First of all,—actually, first of all and last of all—this business about not sleeping with Ian. How do I know she’s telling the truth? She could have been sleeping with him for weeks, months, for all I know. And anyway, she only said that she hasn’t slept with him yet, and she said that on Saturday, five days ago. Five days! She could have slept with him five times since then! (She could have slept with him twenty times since then, but you know what I mean.) And even if she hasn’t, she was definitely threatening to. What does ‘yet’ mean, after all? “I haven’t seen Resevoir Dogs yet.” What does that mean? It means you’re going to go, doesn’t it?

“Barry, if I were to say to you that I haven’t seen Reservoir Dogs yet, what would that mean?”

Barry looks at me.

“Just … come on, what would it mean to you? That sentence? ‘I haven’t seen Reservoir Dogs yet?’ ”

“To me, it would mean that you’re a liar. Either that or you’ve gone potty. You saw it twice. Once with Laura, once with me and Dick. We had that conversation about who killed Mr. Pink or whatever fucking color he was.”

“Yeah, yeah, I know. But say I hadn’t seen it and I said to you, ‘I haven’t seen Reservoir Dogs yet,’ what would you think?”

“I’d think, you’re a sick man. And I’d feel sorry for you.”

“No, but would you think, from that one sentence, that I was going to see it?”

“I’d hope you were, yeah, otherwise I would have to say that you’re not a friend of mine.”

“No, but—”

“I’m sorry, Rob, but I’m struggling here.

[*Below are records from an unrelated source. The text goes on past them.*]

Lemma chain_values_bounds c M K y :
  (forall v, chain_values c M K y v -> v <= distortion) /\
  (exists v, chain_values c M K y v /\ chain_floor c M <= v).
Proof.
  split.
  - intros v (n & z & Hn & Hag & Hz & ->).
    pose proof (birkhoff_loop_le n 0 z ltac:(lia) (fun k Hk => ltac:(lia))). simpl in H; lra.
  - destruct (exists_preimage_birkhoff_ge y (S K)) as [g [Hg1 Hg2]].
    set (z := concat M c g).
    exists (birkhoff (M + S K) z). split.
    + exists (M + S K)%nat, z. repeat split; [lia|apply agree_concat|].
      rewrite <- shiftn_add. unfold z; rewrite shiftn_concat; auto.
    + rewrite birkhoff_add. unfold z at 2; rewrite shiftn_concat.
      pose proof (birkhoff_lower_bound c M z). unfold chain_floor. lra.
Qed.

Lemma chain_sup_spec c M K y : is_lub (chain_values c M K y) (chain_sup c M K y).
Proof.
  destruct (chain_values_bounds c M K y) as [H1 [v [Hv _]]]. apply lub_of_spec; eauto.
Qed.

Lemma chain_sup_bounds c M K y : chain_floor c M <= chain_sup c M K y <= distortion.
Proof.
  destruct (chain_values_bounds c M K y) as [H1 [v [Hv Hv2]]].
  destruct (chain_sup_spec c M K y) as [Hs1 Hs2]. split.
  - specialize (Hs1 v Hv). lra.
  - apply Hs2. intros w Hw; auto.
Qed.

Lemma chain_sup_antitone c M K K' y : (K <= K')%nat -> chain_sup c M K' y <= chain_sup c M K y.
Proof.
  intros HK. apply (chain_sup_spec c M K' y). intros v (n & z & Hn & Hz).
  apply (chain_sup_spec c M K y). exists n, z; split; [lia|auto].
Qed.

Lemma chain_sup_holder c M K L y y' : agree L y y' ->
  chain_sup c M K y <= chain_sup c M K y' + distortion * b ^ L.
Proof.
  intros Hyy. apply (chain_sup_spec c M K y).
  intros v (n & z & Hn & Hag & Hz & ->).
  set (z' := concat n z y').
  assert (Hz' : chain_values c M K y' (birkhoff n z')).
  { exists n, z'; repeat split; auto; [|apply shiftn_concat].
    intros k Hk. unfold z'. rewrite (agree_concat n z y' k) by lia. auto. }
  pose proof (proj1 (chain_sup_spec c M K y') _ Hz').
  assert (Hagz : agree (n + L) z z').
  { rewrite <- (concat_shiftn n z), Hz. apply agree_concat_tail; auto. }
  pose proof (birkhoff_distortion L n z z' Hagz).
  pose proof (Rle_abs (birkhoff n z - birkhoff n z')). lra.
Qed.

Lemma chain_sup_step c M K y' :
  chain_sup c M K y' + A y' - m <= chain_sup c M (S K) (shift y').
Proof.
  assert (chain_sup c M K y' <= chain_sup c M (S K) (shift y') - A y' + m); [|lra].
  apply (chain_sup_spec c M K y'). intros v (n & z & Hn & Hag & Hz & ->).
  assert (birkhoff (S n) z <= chain_sup c M (S K) (shift y')).
  { apply (chain_sup_spec c M (S K)). exists (S n), z; repeat split; auto; [lia|].
    rewrite <- shift_shiftn, Hz; auto. }
  rewrite birkhoff_S, Hz in H. lra.
Qed.

Lemma chain_sup_step_le c M K y a :
  (forall s : Symb d, chain_sup c M K (scons s y) + A (scons s y) - m <= a) ->
  chain_sup c M (S K) y <= a.
Proof.
  intros Ha. apply (chain_sup_spec c M (S K) y).
  intros v (n & z & Hn & Hag & Hz & ->). destruct n as [|n]; [lia|].
  set (y' := shiftn n z).
  assert (Hy' : y' = scons (y' O) y).
  { rewrite (scons_shift y') at 1. f_equal. unfold y'. rewrite shift_shiftn; auto. }
  rewrite birkhoff_S. fold y'.
  assert (birkhoff n z <= chain_sup c M K y')
    by (apply (chain_sup_spec c M K y'); exists n, z; repeat split; auto; lia).
  specialize (Ha (y' O)). rewrite <- Hy' in Ha. lra.
Qed.

Lemma cylinder_subaction_spec c M y :
  is_lub (fun v => exists K, v = - chain_sup c M K y) (- cylinder_subaction c M y).
Proof.
  unfold cylinder_subaction. rewrite Ropp_involutive. apply lub_of_spec.
  - exists (- chain_sup c M 0 y); eauto.
  - exists (- chain_floor c M). intros v [K ->].
    pose proof (chain_sup_bounds c M K y). lra.
Qed.

Lemma cylinder_subaction_le c M K y : cylinder_subaction c M y <= chain_sup c M K y.
Proof.
  pose proof (proj1 (cylinder_subaction_spec c M y) _ (ex_intro _ K eq_refl)). lra.
Qed.

Lemma le_cylinder_subaction c M y a :
  (forall K, a <= chain_sup c M K y) -> a <= cylinder_subaction c M y.
Proof.
  intros Ha. assert (- cylinder_subaction c M y <= - a); [|lra].
  apply (cylinder_subaction_spec c M y). intros v [K ->]. specialize (Ha K); lra.
Qed.

Lemma cylinder_subaction_holder c M : cyl_holder (cylinder_subaction c M) distortion b.
Proof.
  intros L y y' Hyy. apply Rabs_le. split.
  - assert (cylinder_subaction c M y' - distortion * b ^ L <= cylinder_subaction c M y); [|lra].
    apply le_cylinder_subaction. intros K.
    pose proof (cylinder_subaction_le c M K y').
    pose proof (chain_sup_holder c M K L y' y (agree_sym _ _ _ Hyy)). lra.
  - assert (cylinder_subaction c M y - distortion * b ^ L <= cylinder_subaction c M y'); [|lra].
    apply le_cylinder_subaction. intros K.
    pose proof (cylinder_subaction_le c M K y).
    pose proof (chain_sup_holder c M K L y y' Hyy). lra.
Qed.

Lemma cylinder_subaction_sub c M y' :
  cylinder_subaction c M y' + A y' - m <= cylinder_subaction c M (shift y').
Proof.
  apply le_cylinder_subaction. intros K.
  pose proof (cylinder_subaction_le c M K y').
  pose proof (chain_sup_step c M K y').
  pose proof (chain_sup_antitone c M K (S K) (shift y') ltac:(lia)). lra.
Qed.

(* If every preimage [s y] had a positive gap, the finitely many gaps would eventually all exceed
   [1/(K+1)] while [chain_sup (K+1) y] stays above the infimum. *)
Lemma cylinder_subaction_attained c M y :
  exists y', shift y' = y /\ cylinder_subaction c M y' + A y' - m = cylinder_subaction c M y.
Proof.
  set (u := cylinder_subaction c M). apply NNPP; intro Hn.
  assert (Hev : forall s : Symb d, exists K0, forall K, (K0 <= K)%nat ->
     chain_sup c M K (scons s y) + A (scons s y) - m <= u y - / INR (S K)).
  { intros s. set (g := u y - (u (scons s y) + A (scons s y) - m)).
    assert (Hg : 0 < g).
    { pose proof (cylinder_subaction_sub c M (scons s y)) as Hs. rewrite shift_scons in Hs.
      destruct Hs as [Hs|Hs]; [unfold g, u; lra|].
      exfalso; apply Hn. exists (scons s y); split; auto. }
    destruct (lub_approx _ _ (g / 2) (cylinder_subaction_spec c M (scons s y)) ltac:(lra))
      as [v [[K1 ->] HK1]].
    destruct (INR_archimed (g / 2) 1 ltac:(lra)) as [K2 HK2].
    exists (Nat.max K1 K2). intros K HK.
    pose proof (chain_sup_antitone c M K1 K (scons s y) ltac:(lia)).
    assert (HK3 : INR K2 <= INR (S K)) by (apply le_INR; lia).
    assert (/ INR (S K) < g / 2).
    { assert (0 < INR (S K)) by (apply lt_0_INR; lia).
      apply (Rmult_lt_reg_l (INR (S K))); auto. rewrite Rinv_r by lra. nra. }
    unfold g, u in *. lra. }
  destruct (eventually_forall_symb _ Hev) as [K0 HK0].
  pose proof (chain_sup_step_le c M (S K0) y _ (HK0 (S K0) ltac:(lia))).
  pose proof (cylinder_subaction_le c M (S (S K0)) y).
  assert (0 < / INR (S (S K0))) by (apply Rinv_0_lt_compat, lt_0_INR; lia).
  unfold u in *. lra.
Qed.
(* Every cubic (3-regular) graph $G$ of order $6$ (namely the complete bipartite graph $K_{3,3}$ and the triangular prism $K_3\square K_2$) satisfies $\mathcal{C}_f(G)=6$.
   Context: All graphs are finite and simple; $G=(V,E)$, $N(v)$ is the open neighborhood of $v$. A dominating set is $D\subseteq V$ such that every vertex of $V\setminus D$ has a neighbor in $D$. For an integer $k\geq 1$, a $k$-fair dominating set is a dominating set $D$ such that $|N(v)\cap D|=k$ for every $v\in V\setminus D$. A fair dominating set is a $k$-fair dominating set for some integer $k\geq 1$. A fair coalition consists of two disjoint sets $A_1,A_2\subseteq V$, neither of which is a fair dominating set, such that $A_1\cup A_2$ is a fair dominating set. A fair coalition partition ($fc$-partition) of $G$ is a partition $\Upsilon=\{A_1,\dots,A_k\}$ of $V$ such that every $A_i$ is either a singleton fair dominating set of $G$, or is not a fair dominating set and forms a fair coalition with some other non-fair-dominating set $A_j\in\Upsilon$. The fair coalition number $\mathcal{C}_f(G)$ is the maximum number of parts of an $fc$-partition of $G$. *)

From mathcomp Require Import all_boot all_order.
Set Implicit Arguments. Unset Strict Implicit. Unset Printing Implicit Defensive.

Section FairCoalition.
Variables (T : finType) (e : rel T).

Definition nbhd (v : T) : {set T} := [set u | e v u].

Definition dominating (D : {set T}) : bool :=
  [forall v, (v \notin D) ==> [exists u, (u \in D) && e v u]].

Definition kfair_dominating (k : nat) (D : {set T}) : bool :=
  dominating D && [forall v, (v \notin D) ==> (#|nbhd v :&: D| == k)].

(* fair dominating set: k-fair for some k >= 1 (k <= #|T| w.l.o.g.) *)
Definition fair_dominating (D : {set T}) : bool :=
  [exists k : 'I_#|T|.+1, (1 <= k) && kfair_dominating k D].

Definition fair_coalition (A B : {set T}) : bool :=
  [disjoint A & B] && ~~ fair_dominating A && ~~ fair_dominating B
  && fair_dominating (A :|: B).

Definition fc_partition (P : {set {set T}}) : bool :=
  partition P [set: T] &&
  [forall A in P,
     (fair_dominating A && (#|A| == 1))
     || (~~ fair_dominating A &&
         [exists B in P, (B != A) && fair_coalition A B])].

Definition fair_coalition_number : nat :=
  \max_(P : {set {set T}} | fc_partition P) #|P|.

End FairCoalition.

Definition simple_graph (T : finType) (e : rel T) : Prop :=
  symmetric e /\ irreflexive e.

Definition cubic (T : finType) (e : rel T) : Prop :=
  forall v : T, #|nbhd e v| = 3.

(* A closed neighbourhood N[x] contains only four of the six vertices, so no
singleton dominates.  On the other hand every vertex x has a neighbour u with
N(x) and N(u) disjoint: otherwise each vertex of N(x) has at most one neighbour
among the two vertices outside N[x], while each of these has at least two
neighbours in N(x), so there would be at most three and at least four edges
between the two sides.  Then N(x) and N(u) partition the six vertices, so {x, u} is a
1-fair dominating set.  Hence the partition into singletons is an fc-partition,
and no partition has more than six parts. *)
From mathcomp Require Import all_boot all_order.
From mathcomp Require Import zify.
Set Implicit Arguments. Unset Strict Implicit. Unset Printing Implicit Defensive.

Lemma card_partition_le (T : finType) (P : {set {set T}}) (D : {set T}) :
  partition P D -> #|P| <= #|D|.
Proof.
move=> partP; rewrite (card_partition partP) -sum1_card; apply: leq_sum => A AP.
case/and3P: partP => _ _ P_nz; rewrite card_gt0.
by apply: contraNneq P_nz => <-.
Qed.

Lemma partition_set1 (T : finType) : partition [set [set x] | x : T] [set: T].
Proof.
apply/and3P; split.
- apply/eqP/setP => y; rewrite inE; apply/bigcupP.
  by exists [set y]; [apply/imsetP; exists y | rewrite inE].
- apply/trivIsetP => _ _ /imsetP [a _ ->] /imsetP [b _ ->] neq_ab.
  by rewrite disjoints1 inE; apply: contraNneq neq_ab => ->.
- by apply/imsetP => -[y _ /setP /(_ y)]; rewrite !inE eqxx.
Qed.

Section FairDomination.
Variables (T : finType) (e : rel T).

Lemma in_nbhd v w : (w \in nbhd e v) = e v w.
Proof. by rewrite inE. Qed.

Lemma card_nbhdI v (D : {set T}) : #|nbhd e v :&: D| = \sum_(w in D) e v w.
Proof.
rewrite -sum1_card [LHS]big_mkcond [RHS]big_mkcond; apply: eq_bigr => w _.
by rewrite !inE andbC; case: (w \in D); case: (e v w).
Qed.

Lemma fair_dominating_dominating (D : {set T}) : fair_dominating e D -> dominating e D.
Proof. by case/existsP => k /and3P []. Qed.

Lemma dominating_set1 x w : dominating e [set x] -> w != x -> e w x.
Proof.
move=> /forallP /(_ w) /implyP; rewrite inE => dom_w /dom_w /existsP [u].
by rewrite inE => /andP [/eqP ->].
Qed.

Lemma fair_dominating_unique_nbr (D : {set T}) : 0 < #|T| ->
  (forall v, v \notin D -> #|nbhd e v :&: D| = 1) -> fair_dominating e D.
Proof.
move=> T_gt0 one_nbr; apply/existsP; exists (inord 1).
rewrite inordK ?ltnS //=; apply/andP; split.
- apply/forallP => v; apply/implyP => /one_nbr card1.
  have /card_gt0P [u] : 0 < #|nbhd e v :&: D| by rewrite card1.
  by rewrite !inE => /andP [evu uD]; apply/existsP; exists u; rewrite uD.
- by apply/forallP => v; apply/implyP => /one_nbr ->.
Qed.

Lemma fc_partition_set1 :
  (forall x, ~~ fair_dominating e [set x]) ->
  (forall x, exists2 u, u != x & fair_dominating e [set x; u]) ->
  fc_partition e [set [set x] | x : T].
Proof.
move=> not_fd1 has_pair; rewrite /fc_partition partition_set1 /=.
apply/forallP => A; apply/implyP => /imsetP [x _ ->].
rewrite (negbTE (not_fd1 x)) /=; have [u neq_ux fd_xu] := has_pair x.
apply/existsP; exists [set u]; rewrite imset_f //= (inj_eq set1_inj) neq_ux /=.
by rewrite /fair_coalition disjoints1 inE eq_sym neq_ux !not_fd1 fd_xu.
Qed.

Hypothesis e_sym : symmetric e.

Lemma sum_card_nbhdI (A B : {set T}) :
  \sum_(u in A) #|nbhd e u :&: B| = \sum_(v in B) #|nbhd e v :&: A|.
Proof.
under eq_bigr do rewrite card_nbhdI.
rewrite exchange_big; apply: eq_bigr => v _; rewrite card_nbhdI.
by apply: eq_bigr => u _; rewrite e_sym.
Qed.

Lemma fair_dominating_nbhd_partition x u : x != u ->
  [disjoint nbhd e x & nbhd e u] -> nbhd e x :|: nbhd e u = [set: T] ->
  fair_dominating e [set x; u].
Proof.
move=> neq_xu disj cover; apply: fair_dominating_unique_nbr.
  by apply/card_gt0P; exists x.
move=> w _; rewrite card_nbhdI big_setU1 ?inE //= big_set1 ![e w _]e_sym.
have : w \in nbhd e x :|: nbhd e u by rewrite cover.
rewrite !inE; case: (boolP (e x w)) => [exw _ | _ /= euw].
- have w_Nx : w \in nbhd e x by rewrite in_nbhd.
  by have /negbTE -> : ~~ e u w by rewrite -in_nbhd (disjointFr disj w_Nx).
- by rewrite euw.
Qed.

End FairDomination.

Lemma fair_coalition_number_le (T : finType) (e : rel T) :
  fair_coalition_number e <= #|T|.
Proof.
apply/bigmax_leqP => P /andP [partP _].
by rewrite -cardsT card_partition_le.
Qed.

Section CubicSix.
Variables (T : finType) (e : rel T).
Hypotheses (e_sym : symmetric e) (e_irr : irreflexive e).
Hypotheses (e_cubic : cubic e) (card_T : #|T| = 6).

Lemma card_closed_nbhd x : #|x |: nbhd e x| = 4.
Proof. by rewrite cardsU1 e_cubic in_nbhd e_irr. Qed.

Lemma cubic6_set1_not_fair x : ~~ fair_dominating e [set x].
Proof.
apply/negP => /fair_dominating_dominating dom.
have /subsetPn [w _] : ~~ ([set: T] \subset x |: nbhd e x).
  rewrite subTset; apply/eqP => full.
  by move: (card_closed_nbhd x); rewrite full cardsT card_T.
rewrite !inE negb_or => /andP [neq_wx /negP]; apply.
by rewrite e_sym (dominating_set1 dom).
Qed.

Section OutsideClosedNbhd.
Variable x : T.
Local Notation S := (nbhd e x).
Local Notation R := (~: (x |: nbhd e x)).

Lemma card_outside_closed_nbhd : #|R| = 2.
Proof. by apply/eqP; rewrite -(eqn_add2l 4) -{1}(card_closed_nbhd x) cardsC card_T. Qed.

Lemma card_outside_nbhdI r : r \in R -> 2 <= #|nbhd e r :&: S|.
Proof.
move=> rR; have Nr_out : nbhd e r :\: S \subset R :\ r.
  apply/subsetP => w; rewrite !inE negb_or => /andP [xw erw].
  move: rR; rewrite !inE negb_or => /andP [neq_rx xr].
  apply/and3P; split; last exact: xw.
  - by apply: contraTneq erw => ->; rewrite e_irr.
  - by apply: contraNneq xr => eq_wx; rewrite e_sym -eq_wx.
have := subset_leq_card Nr_out; have := cardsID S (nbhd e r); have := cardsD1 r R.
by rewrite e_cubic rR card_outside_closed_nbhd; lia.
Qed.

Lemma card_inside_nbhdI u s : u \in S -> s \in S -> e u s -> #|nbhd e u :&: R| <= 1.
Proof.
rewrite !in_nbhd => exu exs eus.
have xs_out : [set x; s] \subset nbhd e u :\: R.
  apply/subsetP => w; rewrite !inE negbK => /orP [] /eqP ->.
  - by rewrite eqxx /= e_sym.
  - by rewrite exs orbT.
have := subset_leq_card xs_out; have := cardsID R (nbhd e u).
have neq_xs : x != s by apply: contraTneq exs => <-; rewrite e_irr.
by rewrite e_cubic cards2 neq_xs; lia.
Qed.

End OutsideClosedNbhd.

Lemma cubic6_nbr_disjoint_nbhd x : exists2 u, e x u & [disjoint nbhd e x & nbhd e u].
Proof.
have [u /andP [] | no_u] := pickP [pred u | e x u && [disjoint nbhd e x & nbhd e u]].
  by exists u.
have inside_nbr u : u \in nbhd e x -> exists2 s, s \in nbhd e x & e u s.
  move=> u_Nx; move: (no_u u); rewrite /= -[e x u]in_nbhd u_Nx /= -setI_eq0 => /negbT.
  by case/set0Pn => s; rewrite inE [s \in nbhd e u]in_nbhd => /andP [s_Nx eus]; exists s.
have le3 : \sum_(u in nbhd e x) #|nbhd e u :&: ~: (x |: nbhd e x)| <= 3.
  rewrite -(e_cubic x) -sum1_card; apply: leq_sum => u u_Nx.
  by have [s s_Nx eus] := inside_nbr u u_Nx; apply: card_inside_nbhdI eus.
have ge4 : 4 <= \sum_(r in ~: (x |: nbhd e x)) #|nbhd e r :&: nbhd e x|.
  rewrite -[4]/(2 * 2) -{1}(card_outside_closed_nbhd x) -sum_nat_const.
  by apply: leq_sum => r; apply: card_outside_nbhdI.
by move: le3; rewrite sum_card_nbhdI // => /(leq_trans ge4).
Qed.

Lemma cubic6_nbhd_cover x u : [disjoint nbhd e x & nbhd e u] ->
  nbhd e x :|: nbhd e u = [set: T].
Proof.
move=> disj; apply/eqP; rewrite eqEcard subsetT cardsT card_T cardsU.
by rewrite (disjoint_setI0 disj) cards0 !e_cubic.
Qed.

Lemma cubic6_pair_fair x : exists2 u, u != x & fair_dominating e [set x; u].
Proof.
have [u exu disj] := cubic6_nbr_disjoint_nbhd x.
have neq_xu : x != u by apply: contraTneq exu => <-; rewrite e_irr.
exists u; first by rewrite eq_sym.
exact: fair_dominating_nbhd_partition (cubic6_nbhd_cover disj).
Qed.

End CubicSix.

Theorem theorem3p1 (T : finType) (e : rel T) :
  simple_graph e -> cubic e -> #|T| = 6 ->
  fair_coalition_number e = 6.
Proof.
move=> [e_sym e_irr] e_cubic card_T.
apply/eqP; rewrite eqn_leq -{1}card_T fair_coalition_number_le /=.
have fcP : fc_partition e [set [set x] | x : T].
  apply: fc_partition_set1 => x.
  - exact: cubic6_set1_not_fair.
  - exact: cubic6_pair_fair.
have card_P : #|[set [set x] | x : T]| = 6 by rewrite card_imset ?card_T //; apply: set1_inj.
by rewrite -{1}card_P; apply: leq_bigmax_cond.
Qed.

I don’t understand any part of this conversation. You’re asking me what I’d think if you told me that you hadn’t seen a film that you’ve seen. What am I supposed to say?”

“Just listen to me. If I said to you—”

“—‘I haven’t seen Reservoir Dogs yet,’ yeah, yeah, I hear you—”

“Would you … would you get the impression that I wanted to see it?”

“Well … you couldn’t have been desperate, otherwise you’d have already gone.”

“Exactly. We went first night, didn’t we?”

“But the word ‘yet’ … yeah, I’d get the impression that you wanted to see it. Otherwise you’d say you didn’t fancy it much.”

“But in your opinion, would I definitely go?”

“How am I supposed to know that? You might get run over by a bus, or go blind, or anything. You might go off the idea. You might be broke. You might just get sick of people telling you you’ve really got to go.”

I don’t like the sound of that. “Why would they care?”

“Because it’s a brilliant film. It’s funny, and violent, and it’s got Harvey Keitel and Tim Roth in it, and everything. And a cracking sound track.”

Maybe there’s no comparison between Ian sleeping with Laura and Reservoir Dogs after all. Ian hasn’t got Harvey Keitel and Tim Roth in him. And Ian’s not funny. Or violent. And he’s got a crap sound track, judging from what we used to hear through the ceiling. I’ve taken this as far as it will go. But it doesn’t stop me worrying about the‘yet.’

I call Laura at work.

“Oh, hi, Rob,” she says, like I’m a friend she’s pleased to hear from (1. I’m not a friend. 2. She’s not pleased to hear from me. Apart from that … ) “How’s it going?”

I’m not letting her get away with this we-used-to-go-out-but-everything’s-OK-now stuff.

“Bad, thanks.” She sighs.

“Can we meet? There’re some things you said the other night that I wanted to go over.”

“I don’t want … I’m not ready to talk about it all again yet.”